Background: The NIDDK IBD Genetics Consortium (IBDGC) collects DNA and phenotypic data from inflammatory bowel disease (IBD) subjects to provide a resource for genetic studies. No previous studies have been performed on the reliability and validity of phenotypic determinations in either Crohn's disease (CD) or ulcerative colitis (UC) using primary records. Our aim was to determine the reliability and validity of these phenotypic assessments.
Methods: The de-identified records of 30 IBD patients were reviewed by 2 phenotypers per center using a standard protocol for phenotypic assessment. Each phenotyper evaluated 10 charts on 2 occasions 5 months apart. Reliability was expressed as the kappa (kappa) statistic. Performance characteristics were determined by comparison to a consensus-derived "gold standard" and by generation of receiver operating characteristic (ROC) curves.
Results: Agreement for diagnosis was excellent (kappa = 0.82; 95% confidence interval [CI]: 0.71-0.92). Agreement for CD location was good for jejunal, ileal, colorectal, and perianal disease with kappa between 0.60 and 0.74 but was fair for esophagogastroduodenal (kappa = 0.36). Agreement for UC extent (kappa = 0.67; 95% CI: 0.48-0.85), and CD behavior (kappa = 0.67; 95% CI: 0.49-0.83) were very good. Area under the ROC curves was greater than 0.84 for diagnosis, CD behavior, UC extent, and ileal and colonic CD location.

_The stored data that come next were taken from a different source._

Lemma Thom_adj (VG VK : finType) (EG : rel VG) (EK : rel VK) k l
    (a : {ffun 'I_k -> VK}) (b : {ffun 'I_l -> VK}) i j :
  adjop (Thom EG EK a b) i j = Thom EG EK b a i j.
Proof.
rewrite /adjop /Thom conjC_nat; congr _%:R; apply: eq_card => phi.
by rewrite !inE; congr [&& _, _ & _]; apply: andbC.
Qed.

Unset Implicit Arguments.

Theorem proposition4p5
  (VG : finType) (EG : rel VG) (symG : symmetric EG)
  (VK : finType) (EK : rel VK) (symK : symmetric EK)
  (k l : nat) (a : {ffun 'I_k -> VK}) (b : {ffun 'I_l -> VK})
  (VH : finType) (EH : rel VH) (symH : symmetric EH)
  (k' l' : nat) (a' : {ffun 'I_k' -> VH}) (b' : {ffun 'I_l' -> VH}) :
  (* (1) *)
  (forall (J : {ffun 'I_(l + l') -> VG}) (I : {ffun 'I_(k + k') -> VG}),
     tensorop (Thom EG EK a b) (Thom EG EH a' b') J I
     = \sum_(f : {set VK * VH} | overlap f)
         Thom EG (unionE EK EH f) (unionL f a a') (unionL f b b') J I)
  /\
  (* (2) *)
  (forall e : k' = l,
     (forall (j : {ffun 'I_l' -> VG}) (i : {ffun 'I_k -> VG}),
        compop (Thom EG EH (castT e a') b') (Thom EG EK a b) j i
        = \sum_(f : {set VK * VH} | overlap f && [forall x, (b x, castT e a' x) \in f])
            Thom EG (unionE EK EH f) [ffun x => fK f (a x)] [ffun x => fH f (b' x)] j i)
     /\
     (kerT b != kerT (castT e a') ->
        forall (j : {ffun 'I_l' -> VG}) (i : {ffun 'I_k -> VG}),
          compop (Thom EG EH (castT e a') b') (Thom EG EK a b) j i = 0))
  /\
  (* (3) *)
  (forall (i : {ffun 'I_k -> VG}) (j : {ffun 'I_l -> VG}),
     adjop (Thom EG EK a b) i j = Thom EG EK b a i j).
Proof.
split; [exact: Thom_tensor | split; [move=> e; split | exact: Thom_adj]].
- exact: Thom_comp.
- by move=> ker_neq j i; apply: Thom_comp_ker.
Qed.
Lemma sublists_cat T (s1 s2 : seq T) :
  sublists (s1 ++ s2) = [seq a ++ b | a <- sublists s1, b <- sublists s2].
Proof.
elim: s1 => /= [|x s1 ->]; first by rewrite cats0 map_id.
by rewrite allpairs_cat allpairs_mapl map_allpairs.
Qed.

Lemma count_allpairs (S T : eqType) R (f : S -> T -> R) (p : pred R) p1 p2 s t :
  {in s & t, forall x y, p (f x y) = p1 x && p2 y} ->
  count p [seq f x y | x <- s, y <- t] = count p1 s * count p2 t.
Proof.
elim: s => //= x s IHs pf; rewrite count_cat count_map mulnDl IHs; last first.
  by move=> x' y sx' ty; rewrite pf // inE sx' orbT.
congr (_ + _); rewrite (@eq_in_count _ _ (fun y => p1 x && p2 y)).
  by case: (p1 x); rewrite ?mul1n ?mul0n ?count_pred0 //; apply: eq_count.
by move=> y ty; rewrite /= pf ?mem_head.
Qed.

Section SublistsEq.
Variable T : eqType.
Implicit Types s a b : seq T.

Lemma count_sublists_nil s : count (pred1 [::]) (sublists s) = 1.
Proof.
elim: s => //= x s IHs; rewrite count_cat count_map IHs.
by rewrite (eq_count (a2 := pred0)) ?count_pred0.
Qed.

Lemma mem_sublists s a : (a \in sublists s) = subseq a s.
Proof.
apply/idP/idP => [|/subseqP[m _ ->]].
  elim: s a => /= [|x s IHs] a; first by rewrite inE => /eqP->.
  rewrite mem_cat => /orP[/mapP[a' /IHs sub_a' ->]|/IHs sub_a] /=; first by rewrite eqxx.
  exact: subseq_trans sub_a (subseq_cons s x).
elim: s m => [|x s IHs] [|[] m] //=; rewrite mem_cat ?map_f ?IHs ?orbT //.
by rewrite -(mask0s s) IHs orbT.
Qed.

Lemma uniq_sublists s : uniq s -> uniq (sublists s).
Proof.
elim: s => //= x s IHs /andP[s'x /IHs uniq_ss].
rewrite cat_uniq map_inj_uniq // => [|? ? []//]; rewrite uniq_ss andbT.
apply/hasPn => a /[!mem_sublists] /mem_subseq sub_a; apply/mapP => -[b _ a_xb].
by move: s'x; rewrite sub_a // a_xb mem_head.
Qed.

Lemma sublists_mem_inj s a b : uniq s ->
  a \in sublists s -> b \in sublists s -> a =i b -> a = b.
Proof.
move=> uniq_s; rewrite !mem_sublists.
move=> /(subseq_uniqP uniq_s) def_a /(subseq_uniqP uniq_s) def_b eq_ab.
by rewrite def_a def_b; apply: eq_filter.
Qed.

End SublistsEq.

Definition all_rtree (P : rtree -> Prop) (ts : seq rtree) : Prop :=
  foldr (fun s acc => P s /\ acc) True ts.

Section NestedInduction.
Variable P : rtree -> Prop.
Hypothesis IHnode : forall ts, all_rtree P ts -> P (Node ts).

Fixpoint rtree_nested_ind t : P t :=
  let: Node ts := t in
  IHnode ((fix all_ind l : all_rtree P l :=
             if l is s :: r then conj (rtree_nested_ind s) (all_ind r) else I) ts).

End NestedInduction.

Lemma eq_big_all_rtree R (idx : R) (op : R -> R -> R) (f g : rtree -> R) ts :
  all_rtree (fun s => f s = g s) ts ->
  \big[op/idx]_(s <- ts) f s = \big[op/idx]_(s <- ts) g s.
Proof.
elim: ts => [_|s ts IHts [eq_s /IHts eq_ts]]; first by rewrite !big_nil.
by rewrite !big_cons eq_s eq_ts.
Qed.

Lemma tsize_Node ts : Defs.tsize (Node ts) = (\sum_(s <- ts) Defs.tsize s).+1.
Proof. by congr S; elim: ts => [|s ts /= ->]; rewrite ?big_nil ?big_cons. Qed.

Fixpoint vforest (i : nat) (ts : seq rtree) : seq (seq nat) :=
  if ts is s :: r then map (cons i) (vlist s) ++ vforest i.+1 r else [::].

Lemma vlist_Node ts : vlist (Node ts) = [::] :: vforest 0 ts.
Proof. by []. Qed.

Definition head_ge (i : nat) (v : seq nat) := if v is j :: _ then i <= j else false.

Lemma head_ge_vforest i ts : all (head_ge i) (vforest i ts).
Proof.
elim: ts i => //= s r IHr i; rewrite all_cat all_map; apply/andP; split.
  by apply/allP => v _ /=.
by apply: sub_all (IHr i.+1) => -[|j v] //= /ltnW.
Qed.

Lemma root_vforest ts : [::] \notin vforest 0 ts.
Proof. by apply/negP => /(allP (head_ge_vforest 0 ts)). Qed.

Lemma child_vforest s r : [:: 0] \in vforest 0 (s :: r).
Proof. by rewrite mem_cat map_f //; case: s. Qed.

Lemma size_vforest i ts : size (vforest i ts) = \sum_(s <- ts) size (vlist s).
Proof.
by elim: ts i => [|s r IHr] i; rewrite ?big_nil ?big_cons //= size_cat size_map IHr.
Qed.

Lemma size_vlist t : size (vlist t) = Defs.tsize t.
Proof.
elim/rtree_nested_ind: t => ts IHts; rewrite vlist_Node tsize_Node /= size_vforest.
by congr S; apply: eq_big_all_rtree.
Qed.

Lemma uniq_vlist t : uniq (vlist t).
Proof.
elim/rtree_nested_ind: t => ts IHts; rewrite vlist_Node /= root_vforest /=.
elim: ts 0 IHts => //= s r IHr i [uniq_s /IHr uniq_r].
rewrite cat_uniq map_inj_uniq ?uniq_s ?uniq_r // => [|? ? []//]; rewrite andbT.
apply/hasPn => v /(allP (head_ge_vforest i.+1 r)); case: v => [|j v] //= lt_ij.
by apply/mapP => -[w _ [eq_ij _]]; rewrite eq_ij ltnn in lt_ij.
Qed.

Definition nested (u v : seq nat) := prefix u v || prefix v u.

Definition apart (V W : seq (seq nat)) := {in V & W, forall u v, ~~ nested u v}.

Definition antichain_seq (a : seq (seq nat)) :=
  all (fun u => all (fun v => (u != v) ==> ~~ prefix u v) a) a.

Definition covering (V a : seq (seq nat)) := all (fun v => has (nested^~ v) a) V.

Definition maximal_antichain_seq (V a : seq (seq nat)) :=
  antichain_seq a && covering V a.

Definition leaf_in (V : seq (seq nat)) (u : seq nat) :=
  all (fun v => ~~ (prefix u v && (size v == (size u).+1))) V.

Definition leafless (V a : seq (seq nat)) := all (fun u => ~~ leaf_in V u) a.

Definition leafless_maximal_antichain_seq (V a : seq (seq nat)) :=
  maximal_antichain_seq V a && leafless V a.

Definition cutset_seq (V a : seq (seq nat)) :=
  all (fun l => leaf_in V l ==> has (fun u => prefix u l) a) V.

Section Shift.
Variable i : nat.
Implicit Types (u v : seq nat) (V a : seq (seq nat)).

Lemma antichain_seq_shift a : antichain_seq (map (cons i) a) = antichain_seq a.
Proof.
rewrite /antichain_seq all_map; apply: eq_all => u /=; rewrite all_map.
by apply: eq_all => v /=; rewrite eqseq_cons !eqxx.
Qed.

Lemma covering_shift V a : covering (map (cons i) V) (map (cons i) a) = covering V a.
Proof.
rewrite /covering all_map; apply: eq_all => v /=; rewrite has_map.
by apply: eq_has => u; rewrite /= /nested /= !eqxx.
Qed.

Lemma leaf_in_shift V u : leaf_in (map (cons i) V) (i :: u) = leaf_in V u.
Proof. by rewrite /leaf_in all_map; apply: eq_all => v /=; rewrite eqxx. Qed.

Lemma leafless_shift V a : leafless (map (cons i) V) (map (cons i) a) = leafless V a.
Proof. by rewrite /leafless all_map; apply: eq_all => u /=; rewrite leaf_in_shift. Qed.

Lemma cutset_seq_shift V a :
  cutset_seq (map (cons i) V) (map (cons i) a) = cutset_seq V a.
Proof.
rewrite /cutset_seq all_map; apply: eq_all => l /=; rewrite leaf_in_shift has_map.
by congr (_ ==> _); apply: eq_has => u; rewrite /= eqxx.
Qed.

End Shift.

Section Apart.
Implicit Types (u v : seq nat) (V W a b : seq (seq nat)).

Lemma apart_sym V W : apart V W -> apart W V.
Proof. by move=> VW v u Wv Vu; rewrite /nested orbC VW. Qed.

Lemma apart_sub V W a b : apart V W -> {subset a <= V} -> {subset b <= W} -> apart a b.
Proof. by move=> VW aV bW u v /aV Vu /bW Wv; apply: VW. Qed.

Lemma apart_shift i V W : all (head_ge i.+1) W -> apart (map (cons i) V) W.
Proof.
move=> /allP W_gt _ [|j v] /mapP[u _ ->] /W_gt //= lt_ij.
by rewrite /nested !prefix_cons eq_sym (gtn_eqF lt_ij).
Qed.

Lemma apart_nested V W u v : apart V W -> u \in V -> v \in W -> nested u v = false.
Proof. by move=> VW Vu Wv; apply/negbTE/VW. Qed.

Lemma apart_prefix V W u v : apart V W -> u \in V -> v \in W -> prefix u v = false.
Proof. by move=> VW Vu Wv; have /norP[/negbTE] := VW u v Vu Wv. Qed.

Lemma leaf_in_cat V W u : leaf_in (V ++ W) u = leaf_in V u && leaf_in W u.
Proof. exact: all_cat. Qed.

Lemma leaf_in_apart V W u : apart V W -> u \in V -> leaf_in W u.
Proof. by move=> VW Vu; apply/allP => v Wv; rewrite (apart_prefix VW Vu Wv). Qed.

Lemma count_leaf_in_cat V W : apart V W ->
  count (leaf_in (V ++ W)) (V ++ W) = count (leaf_in V) V + count (leaf_in W) W.
Proof.
move=> VW; rewrite count_cat; congr (_ + _); apply: eq_in_count => u Zu /=.
  by rewrite leaf_in_cat (leaf_in_apart VW Zu) andbT.
by rewrite leaf_in_cat (leaf_in_apart (apart_sym VW) Zu).
Qed.

Lemma antichain_seq_cat a b : apart a b ->
  antichain_seq (a ++ b) = antichain_seq a && antichain_seq b.
Proof.
move=> ab; rewrite /antichain_seq all_cat.
congr andb; apply: eq_in_all => u Zu /=; rewrite all_cat.
  suff -> : all (fun v => (u != v) ==> ~~ prefix u v) b by rewrite andbT.
  by apply/allP => v Zv; rewrite (apart_prefix ab Zu Zv) implybT.
suff -> : all (fun v => (u != v) ==> ~~ prefix u v) a by [].
by apply/allP => v Zv; rewrite (apart_prefix (apart_sym ab) Zu Zv) implybT.
Qed.

Section Cat.
Variables (V W a b : seq (seq nat)).
Hypotheses (VW : apart V W) (aV : {subset a <= V}) (bW : {subset b <= W}).

Lemma covering_cat : covering (V ++ W) (a ++ b) = covering V a && covering W b.
Proof.
rewrite /covering all_cat; congr andb; apply: eq_in_all => v Zv /=; rewrite has_cat.
  rewrite [has _ b](_ : _ = false) ?orbF //; apply/hasPn => u /bW Zu.
  by rewrite /= (apart_nested (apart_sym VW) Zu Zv).
rewrite [has _ a](_ : _ = false) //; apply/hasPn => u /aV Zu.
by rewrite /= (apart_nested VW Zu Zv).
Qed.

Lemma leafless_cat : leafless (V ++ W) (a ++ b) = leafless V a && leafless W b.
Proof.
rewrite /leafless all_cat; congr andb; apply: eq_in_all => u Zu /=.
  by rewrite leaf_in_cat (leaf_in_apart VW (aV Zu)) andbT.
by rewrite leaf_in_cat (leaf_in_apart (apart_sym VW) (bW Zu)).
Qed.
(* The topological entropy of any self-induced minimal Cantor system is either $0$ or $+\infty$.
   Context: A minimal Cantor system $(X,T)$ ($X$ a Cantor set, $T$ a homeomorphism with all orbits dense) is self-induced if there is a nonempty clopen proper subset $U\subsetneq X$ such that the induced system $(U,T_U)$, $T_U(x)=T^{r_U(x)}x$ with $r_U(x)=\inf\{n>0:T^nx\in U\}$, is topologically conjugate to $(X,T)$. *)

From HB Require Import structures.
From mathcomp Require Import all_boot all_order all_algebra.
From mathcomp Require Import all_classical all_reals all_analysis.
Set Implicit Arguments. Unset Strict Implicit. Unset Printing Implicit Defensive.
Import Order.TTheory GRing.Theory Num.Theory.
Local Open Scope classical_set_scope.
Local Open Scope ring_scope.

(** A Cantor set: a nonempty, metrizable (pseudometric + Hausdorff), compact,
    perfect, zero-dimensional space. *)
Definition cantor_set {R : realType} (X : pseudoMetricType R) : Prop :=
  cantor_like X /\ [set: X] !=set0.

Definition is_homeo {X : topologicalType} (T : X -> X) : Prop :=
  continuous T /\ exists Ti : X -> X,
    [/\ continuous Ti, cancel T Ti & cancel Ti T].

Definition orbit_of {X : Type} (T Ti : X -> X) (x : X) : set X :=
  [set y | exists n : nat, y = iter n T x \/ y = iter n Ti x].

Definition minimal_system {X : topologicalType} (T : X -> X) : Prop :=
  continuous T /\ exists Ti : X -> X,
    [/\ continuous Ti, cancel T Ti, cancel Ti T &
        forall x, closure (orbit_of T Ti x) = [set: X]].

Definition first_return {X : Type} (T : X -> X) (U : set X) (x : X) (n : nat) : Prop :=
  (0 < n)%N /\ U (iter n T x) /\ forall m, (0 < m < n)%N -> ~ U (iter m T x).

(** The induced system (U, T_U) is topologically conjugate to (X, T):
    there is a homeomorphism phi from the subspace U onto X (with inverse psi)
    such that phi (T_U x) = T (phi x) for x in U, where T_U x = T^{r_U(x)} x. *)
Definition induced_conjugate {X : topologicalType} (T : X -> X) (U : set X) : Prop :=
  exists phi psi : X -> X,
    {within U, continuous phi} /\
    continuous psi /\
    (forall y, U (psi y)) /\
    (forall x, U x -> psi (phi x) = x) /\
    (forall y, phi (psi y) = y) /\
    (forall x, U x -> exists n, first_return T U x n /\
                                phi (iter n T x) = T (phi x)).
Lemma partner_spec y e : Rabs (y - yA) < t -> Rabs e < t ->
  Rabs (partner y e - yB) < s /\ b2 (partner y e) e = a2 y e.
Proof. unfold partner. destruct (constructive_indefinite_description _ _) as [z Hz]; auto. Qed.

Lemma partner_unique y e z : Rabs (y - yA) < t -> Rabs e < t ->
  Rabs (z - yB) <= s -> b2 z e = a2 y e -> z = partner y e.
Proof.
  intros Hy He Hz E. destruct (partner_spec y e Hy He) as [H1 H2].
  apply Rabs_le_between' in Hz. apply Rabs_def2 in H1.
  apply (increasing_root_unique (fun z => b2 z e - a2 y e) yB s (1/2)); try lra.
  apply b2_increasing. unfold s in *; lra.
Qed.

Lemma partner_mvt e y y' : Rabs (y - yA) < t -> Rabs (y' - yA) < t -> Rabs e < t ->
  exists xi zeta, Rabs (xi - yA) < r1 /\ Rabs (zeta - yB) < r1 /\
    da2 xi e * (y' - y) = db2 zeta e * (partner y' e - partner y e).
Proof.
  intros Hy Hy' He. assert (Htr : t < r1) by (unfold s in *; lra).
  destruct (partner_spec y e Hy He) as [K1 K2]. destruct (partner_spec y' e Hy' He) as [K3 K4].
  destruct (MVT_in_ball (fun z => a2 z e) (fun z => da2 z e) yA r1 y y') as [xi [Hxi E1]];
    try (intros; apply a2_deriv); try lra.
  destruct (MVT_in_ball (fun z => b2 z e) (fun z => db2 z e) yB r1 (partner y e) (partner y' e))
    as [zeta [Hz E2]]; try (intros; apply b2_deriv); try (unfold s in *; lra).
  exists xi, zeta. split; auto. split; auto. rewrite <- E1, <- E2, K2, K4. ring.
Qed.

Lemma partner_lipschitz e y y' : Rabs (y - yA) < t -> Rabs (y' - yA) < t -> Rabs e < t ->
  Rabs (partner y' e - partner y e) <= 3 * Rabs (y' - y).
Proof.
  intros Hy Hy' He. assert (Htr : t < r1) by (unfold s in *; lra).
  destruct (partner_mvt e y y' Hy Hy' He) as [xi [zeta [Hxi [Hz E]]]].
  pose proof (da2_near xi e Hxi ltac:(lra)) as Ka. pose proof (db2_near zeta e Hz ltac:(lra)) as Kb.
  apply Rabs_def2 in Ka. apply Rabs_def2 in Kb. destruct eta_small as [? [? ?]].
  assert (E' : Rabs (da2 xi e) * Rabs (y' - y)
              = Rabs (db2 zeta e) * Rabs (partner y' e - partner y e))
    by (rewrite <- !Rabs_mult, E; auto).
  rewrite (Rabs_right (da2 xi e)), (Rabs_right (db2 zeta e)) in E' by lra.
  pose proof (Rabs_pos (y' - y)). pose proof (Rabs_pos (partner y' e - partner y e)). nra.
Qed.
(* Consider the Generalized Stochastic Blockmodel with $p>q$ in which all true clusters have size exactly $K$, every in-cluster pair has edge probability exactly $p$ and every other pair (different clusters or involving an outlier) has edge probability exactly $q$, and where $K=\Theta(n)$ and $n_2=\Theta(n_1)$. Then there is an absolute constant $c_2>0$ such that for all sufficiently large $n$: if some algorithm (a measurable function of the adjacency matrix $A$) recovers the true clusters correctly with probability at least $\tfrac34$ (for every possible true clustering), then $$\frac{p-q}{\sqrt{p(1-q)}}\ \ge\ \frac{c_2}{\sqrt{n}}.$$
   Context: Generalized Stochastic Blockmodel: there are $n=n_1+n_2$ nodes, split into a set $V_1$ of $n_1$ nodes and a set $V_2$ of $n_2$ outlier nodes; $V_1$ is partitioned into $r$ disjoint true clusters. Edges between distinct pairs are drawn independently, with probability $p$ for pairs in the same true cluster and probability $q$ for pairs in different clusters or with at least one node in $V_2$. $A$ is the symmetric $0/1$ adjacency matrix. The recovery task is to output the true clusters given $A$. *)

From HB Require Import structures.
From mathcomp Require Import all_boot all_order all_algebra.
Set Implicit Arguments. Unset Strict Implicit. Unset Printing Implicit Defensive.
Import Order.TTheory GRing.Theory Num.Theory.
Local Open Scope ring_scope.

(* A labelling of the n nodes: [Some k] = node in true cluster k,
   [None] = outlier (node of V2). *)
Definition cluster (n r : nat) (sigma : {ffun 'I_n -> option 'I_r}) (k : 'I_r)
  : {set 'I_n} := [set i | sigma i == Some k].

Definition true_clusters (n r : nat) (sigma : {ffun 'I_n -> option 'I_r})
  : {set {set 'I_n}} := [set cluster sigma k | k : 'I_r].

Definition gsbm_config (n r K n2 : nat) (sigma : {ffun 'I_n -> option 'I_r}) : Prop :=
  (forall k : 'I_r, #|cluster sigma k| = K) /\ #|[set i | sigma i == None]| = n2.

Definition edge_prob (R : numDomainType) (n r : nat)
  (sigma : {ffun 'I_n -> option 'I_r}) (p q : R) (i j : 'I_n) : R :=
  if (sigma i != None) && (sigma i == sigma j) then p else q.

Definition is_adj (n : nat) (A : 'M[bool]_n) : bool :=
  [forall i, ~~ A i i] && [forall i, forall j, A i j == A j i].

Definition gsbm_prob (R : numDomainType) (n r : nat)
  (sigma : {ffun 'I_n -> option 'I_r}) (p q : R) (A : 'M[bool]_n) : R :=
  if is_adj A then
    \prod_(i : 'I_n) \prod_(j : 'I_n | (i < j)%N)
      (if A i j then edge_prob sigma p q i j else 1 - edge_prob sigma p q i j)
  else 0.

Definition success_prob (R : numDomainType) (n r : nat)
  (sigma : {ffun 'I_n -> option 'I_r}) (p q : R)
  (f : 'M[bool]_n -> {set {set 'I_n}}) : R :=
  \sum_(A : 'M[bool]_n | f A == true_clusters sigma) gsbm_prob sigma p q A.

(* Le Cam's two-point method.  Split the nodes into consecutive blocks to get a
   labelling [sigma], and let [sigma'] be [sigma] with one clustered node and one
   outlier swapped: their true clusters differ, so an algorithm succeeding with
   probability 3/4 under both separates two disjoint events of mass >= 3/4, which
   forces the Bhattacharyya coefficient [\sum_A sqrt (P A) * sqrt (P' A)] below
   13/15.  Edges are independent, so this coefficient is the product over pairs of
   the affinities [sqrt a * sqrt b + sqrt (1 - a) * sqrt (1 - b)] of the edge
   probabilities; only the at most 4n pairs touching the swapped nodes have
   affinity below 1, each by at most (p - q)^2 / (p (1 - q)).  Hence
   (p - q)^2 / (p (1 - q)) >= 1 / (30 n). *)

From HB Require Import structures.
From mathcomp Require Import all_boot all_order all_algebra.
From mathcomp Require Import perm zify ring lra.
Import Order.TTheory GRing.Theory Num.Theory.
Set Implicit Arguments. Unset Strict Implicit. Unset Printing Implicit Defensive.

Lemma card_ord_range n m c : m + c <= n ->
  #|[set i : 'I_n | m <= i < m + c]| = c.
Proof.
move=> mcn; have lt_n (j : 'I_c) : m + j < n by have := ltn_ord j; lia.
have -> : [set i : 'I_n | m <= i < m + c] = [set Ordinal (lt_n j) | j : 'I_c].
  apply/setP => i; rewrite inE; apply/idP/imsetP => [/andP[mi ic]|[j _ ->]] /=.
    have lt_c : i - m < c by lia.
    by exists (Ordinal lt_c) => //; apply: val_inj => /=; lia.
  by have := ltn_ord j; lia.
by rewrite card_imset ?card_ord // => j1 j2 [] /addnI /val_inj.
Qed.

Lemma insub_eq_some r x (k : 'I_r) : (insub x == Some k) = (x == k).
Proof.
case: insubP => [y _ <-|x_ge] //=.
by apply/esym/eqP => x_eq; rewrite x_eq ltn_ord in x_ge.
Qed.

Lemma insub_eq_none r x : (insub x == None :> option 'I_r) = (r <= x).
Proof. by case: insubP => [y x_lt _|x_ge]; rewrite leqNgt ?x_lt ?x_ge. Qed.

Definition block_labelling (n r K : nat) : {ffun 'I_n -> option 'I_r} :=
  [ffun i : 'I_n => insub (i %/ K)].
Lemma affine_line_diff (h z : 'cV[R]_n) (t : R) :
  differentiable (fun s : R => s *: h + z) t /\ 'd (fun s : R => s *: h + z) t 1 = h.
Proof.
have -> : (fun s : R => s *: h + z) = ( *:%R^~ h) + cst z by [].
have Dsh : differentiable (( *:%R^~ h) : R -> 'cV[R]_n) t.
  exact: (@ex_diff _ _ _ _ _ _ _ (is_diff_scalel t h)).
have dsh : 'd ( *:%R^~ h) t = *:%R^~ h :> (R -> 'cV[R]_n).
  exact: (@diff_val _ _ _ _ _ _ _ (is_diff_scalel t h)).
have Dz : differentiable (cst z : R -> 'cV[R]_n) t by apply: differentiable_cst.
split; first exact: differentiableD.
rewrite diffD // [in X in X + _ = _]dsh (@diff_cst R R _ z t).
by rewrite /= scale1r addr0.
Qed.

Variables (F : 'cV[R]_n -> R) (G : 'cV[R]_n -> 'cV[R]_n).
Hypothesis F_grad : forall w, X w -> differentiable F w /\ forall v, 'd F w v = dotp (G w) v.

Lemma mean_value_segment z h : X z -> X (z + h) ->
  exists2 t, 0 <= t <= 1 & F (z + h) - F z = dotp (G (t *: h + z)) h.
Proof.
move=> Xz Xzh; pose p (s : R) := s *: h + z.
have Xp t : 0 <= t <= 1 -> X (p t) by exact: convex_segment.
have Dphi t : 0 <= t <= 1 -> derivable (F \o p) t 1 /\ 'D_1 (F \o p) t = dotp (G (p t)) h.
  move=> t01; have [dF FG] := F_grad (Xp t t01); have [dp ph] := affine_line_diff h z t.
  have dphi : differentiable (F \o p) t by apply: differentiable_comp.
  split; first exact: diff_derivable.
  by rewrite deriveE // diff_comp //= ph FG.
have cphi : {within `[0, 1], continuous (F \o p)}.
  by apply: derivable_within_continuous => t; rewrite in_itv /= => /Dphi[].
have phi' (t : R) : t \in `]0, 1[%R -> is_derive t 1 (F \o p) (dotp (G (p t)) h).
  rewrite in_itv /= => /andP[t0 t1].
  have [Dt <-] := Dphi t (introT andP (conj (ltW t0) (ltW t1))).
  exact: DeriveDef.
have [t t01 mvt] := MVT_segment ler01 phi' cphi.
exists t; first by move: t01; rewrite in_itv.
by move: mvt; rewrite subr0 mulr1 /= /p scale1r scale0r add0r (addrC h z).
Qed.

Conclusions: IBD phenotype classification using a standard protocol exhibited very good to excellent inter- and intrarater agreement and validity. This study highlights the importance of standard protocols in generating reliable and valid phenotypic assessments. The data will facilitate estimates of phenotyping misclassification rates that should be considered when making inferences from IBD genotype-phenotype studies.